In “Romance and Eternity” (2010) Allegro takes a random message left on his answer machine years ago and incorporates it into the work. The enigmatic message, reaffirmed by a fuzzy image of a woman on the phone, and indecipherable subtitles generate a tension between the sense of strangeness of the message and the imperative tone of the call.

Many early works by Allegro deal with the self-portrait.  “Tony Self-Portraits” and “L.A. (Los Angeles) Portraits”, both from 1977, are examples of this genre. With a fixed camera and no guiding script, each portrait suggests the artist’s verbal intention.  They are sometimes irreverent and often times intimately confessional.  The concentration on fragmentary details of the image and the decomposition of the cinematographic frame divided into smaller sub-frames, reproduce and take apart the presence of the “self”.  This is a fundamental aspect of the series.

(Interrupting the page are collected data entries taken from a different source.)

Lemma exists_spread_row {U J} : agree_on U J -> (1 + #|~: U| * (#|T| - 1) < #|J|)%N ->
  exists i a, [/\ i \notin U, (#|J| <= #|T| * #|[set y in J | L i y == a]|)%N
                & (#|T| <= #|[set y in J | L i y != a]|)%N].
Proof.
move=> agr J_big; pose a_ i := xchoose (popular_value J (L i) alphabet_gt0).
pose N i := [set y in J | L i y != a_ i].
suff /existsP [i /andP [iU N_big]] : [exists i, (i \notin U) && (#|T| <= #|N i|)%N].
  by exists i, (a_ i); split => //; exact: xchooseP (popular_value J (L i) alphabet_gt0).
(* Otherwise [J] is covered by the at most one column taking every popular value and
   by the sets [N i], each of size less than #|T|. *)
apply: contraLR J_big => /existsPn N_small; rewrite -leqNgt.
pose M := [set y in J | [forall i, (i \notin U) ==> (L i y == a_ i)]].
have M_le1 : (#|M| <= 1)%N.
  apply/card_le1_eqP => y1 y2; rewrite !inE => /andP [y1J /forallP y1a] /andP [y2J /forallP y2a].
  apply: col_eq => i; have [iU | iU] := boolP (i \in U); first exact: agr.
  by rewrite (eqP (implyP (y1a i) iU)) (eqP (implyP (y2a i) iU)).
have J_sub : J \subset M :|: \bigcup_(i in ~: U) N i.
  apply/fintype.subsetP => y yJ; rewrite !inE yJ /=.
  have [//| /forallPn [i]] := boolP [forall i, (i \notin U) ==> (L i y == a_ i)].
  rewrite negb_imply => /andP [iU yi].
  by apply/bigcupP; exists i; rewrite !inE ?yJ.
have N_le i : i \in ~: U -> (#|N i| <= #|T| - 1)%N.
  rewrite inE => iU; move: (N_small i); rewrite iU -ltnNge subn1 => N_lt.
  by rewrite -ltnS prednK ?alphabet_gt0.
apply: leq_trans (subset_leq_card J_sub) _; rewrite cardsU.
apply: leq_trans (leq_subr _ _) _; apply: leq_add M_le1 _.
apply: leq_trans (leq_card_bigcup _ _) _.
by rewrite -sum_nat_const; apply: leq_sum.
Qed.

Towards the 1980s, the artist began a revision of his characteristic film language, releasing one of his most iconic works: “Toxic Syndrome” (1985).  Even though the filmmaker has no specific documentary intent, this experimental video is a reflection of the artistic and intellectual environment surrounding him in the1980s, and more specifically, of the local Miami art scene.  In three parts, “Toxic Syndrome” includes abstract images tied intimately to interviews, confessions and manifestos of artists and friends of the period.  Among these artists is Fernando Garcia, one of the most radical artists of that 80s scene whose idiosyncratic work remains almost forgotten.

The constant flickering of the image and the interposition of images that appear out of place, contribute to a reconstruction of the atmosphere of that epoch in the way that memory reconstructs a series events not with cool logic but with an irrational intensity.  In this sense, “Toxic Syndrome” should be understood as a simulation of memory rather than a document of the times.

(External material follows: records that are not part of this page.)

Lemma first_in_tail_bounded_limit {x : 'rV[R]_d} {r s : R} {N w} {y : 'rV[R]_d} :
  0 < s -> 1 - eta < s -> 0 <= r ->
  first_in N (ball x r) w -> tail_bounded s N w ->
  (fun M => \sum_(0 <= n < M) (eta * (1 - eta) ^+ n) *: X n w) @ \oo --> y ->
  `|x - y| <= r + (eta / (1 - (1 - eta) / s) * ((1 - eta) / s) ^+ N +
                  `|x| * (1 - eta) ^+ N).
Proof.
move=> s0 s_gt r0 /first_inP wE /tail_boundedP wG cvy.
set c := (r + _)%R; suff : closed_ball_ Num.norm x c y by [].
apply: (closed_cvg _ (@closed_closed_ball_ _ _ x c) _ _ cvy); near=> M.
apply: dist_weighted_sum_le => //.
- by near: M; exact: nbhs_infty_ge.
- by move=> n /wE; rewrite -ball_normE /ball_ /= => /ltW.
apply: weighted_tail_le => // n /wG /ltW le_n; rewrite normr_ge0 /=.
exact: le_trans (mx_norm_le_eucl_norm _) le_n.
Unshelve. all: by end_near.
Qed.

Lemma supp_law_weighted_limit (chi : T -> 'rV[R]_d) : is_rv_Rd chi ->
  (forall w, weighted_norm_summable w ->
     (fun M => \sum_(0 <= n < M) (eta * (1 - eta) ^+ n) *: X n w) @ \oo --> chi w) ->
  supp (law P (X 0%N)) `<=` supp (law P chi).
Proof.
move=> mchi cvchi x xsupp B oB Bx.
have [r r0 rB] : exists2 r, 0 < r & ball x r `<=` B by apply/nbhs_ballP; exact: oB.
have [r2 r8] : 0 < r / 2 /\ 0 < r / 8 by rewrite !divr_gt0.
have [s [s0 s1 s_gt]] := exists_tail_ratio eta01.
have s01 : 0 < s < 1 by rewrite s0 s1.
have /andP[eta0 eta1] := eta01.
have q0 : 0 <= 1 - eta by rewrite subr_ge0 ltW.
near \oo => N.
have tail_prob_small : e0 / (1 - s) * s ^+ N < 1.
  by near: N; apply: near_geometric_lt; rewrite ?ger0_norm ?(ltW s0).
have tail_small : eta / (1 - (1 - eta) / s) * ((1 - eta) / s) ^+ N < r / 8.
  near: N; apply: near_geometric_lt => //.
  rewrite ger0_norm; last exact: divr_ge0 q0 (ltW s0).
  by rewrite ltr_pdivrMr // mul1r.
have head_small : `|x| * (1 - eta) ^+ N < r / 8.
  near: N; apply: near_geometric_lt => //.
  by rewrite ger0_norm // gtrBl.
rewrite /law; apply: (lt_le_trans (first_in_tail_bounded_gt0 N xsupp
  (ball_open x (r / 2)) (ballxx x r2) s01 tail_prob_small)).
apply: le_measure; last move=> w [Ew Gw].
- rewrite inE; apply: measurableI; last exact: measurable_tail_bounded.
  exact: measurable_first_in (borel_Rd_open (ball_open x (r / 2))).
- by rewrite inE; exact: mchi (borel_Rd_open oB).
apply/rB; rewrite -ball_normE /ball_ /=.
have := first_in_tail_bounded_limit s0 s_gt (ltW r2) Ew Gw
  (cvchi w (tail_bounded_sub s0 s_gt _ Gw)).
move/le_lt_trans; apply; lra.
Unshelve. all: by end_near.
Qed.

End weighted_series.

End iid_sequence.

Theorem lemma6p13 (d0 : measure_display) (T : measurableType d0)
  (R : realType) (P : probability T R) (d : nat) (eta : R)
  (X : nat -> T -> 'rV[R]_d) (chi : T -> 'rV[R]_d) :
  0 < eta < 1 ->
  iid P X ->
  (\int[P]_w (eucl_norm (X 0%N w))%:E < +oo)%E ->
  is_rv_Rd chi ->
  (forall w,
     (\sum_(0 <= n <oo) (eta * (1 - eta) ^+ n * eucl_norm (X n w))%:E < +oo)%E ->
     (fun N => \sum_(0 <= n < N) (eta * (1 - eta) ^+ n) *: X n w) @ \oo
       --> chi w) ->
  let A := [set w | (\sum_(0 <= n <oo)
                       (eta * (1 - eta) ^+ n * eucl_norm (X n w))%:E < +oo)%E] in
  (measurable A /\ P A = 1%E) /\
  supp (law P (X 0%N)) `<=` supp (law P chi).
Proof.
move=> eta01 iidX intX mchi cvchi A.
have [e0 intX0] : exists e0 : R, (\int[P]_w (eucl_norm (X 0%N w))%:E = e0%:E)%E.
  exists (fine (\int[P]_w (eucl_norm (X 0%N w))%:E)%E).
  rewrite fineK // ge0_fin_numE //.
  by apply: integral_ge0 => w _; rewrite lee_fin eucl_norm_ge0.
split; first split.
- exact: (measurable_weighted_norm_summable _ _ iidX _ eta01).
- exact: (weighted_norm_summable_prob1 _ _ iidX _ intX0 _ eta01).
- exact: (supp_law_weighted_limit _ _ iidX _ intX0 _ eta01 _ mchi cvchi).
Qed.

In Allegro’s work, the camera concentrates on color, changes of light and shadow.  The “collage” is another technique that the artist employs.  Working with the Silkscreen printing technique, Allegro appropriates, without pre-conceived ideas, images from western art’s iconography from Muybridge to Warhol in a sort of remix where memory and chance interconnect, generating an entirely new universe free from all narrative structure.

Tony Allegro: Recent Experimental Films and Photography” is a “must see” of the recent work of this authentic creator of images.  At the same time, the exposition continues the curatorial philosophy that has distinguished The 6th Street Container since its establishment as an alternative exhibition space of experimentation, interested in the presentation of contemporary art and the rescue of the local cultural heritage so many times ignored.

Tony Allegro: Recent Experimental Films and Photography” may be seen until April 25th at The 6th Street Container, 1155 SW6th St. Miami, Florida.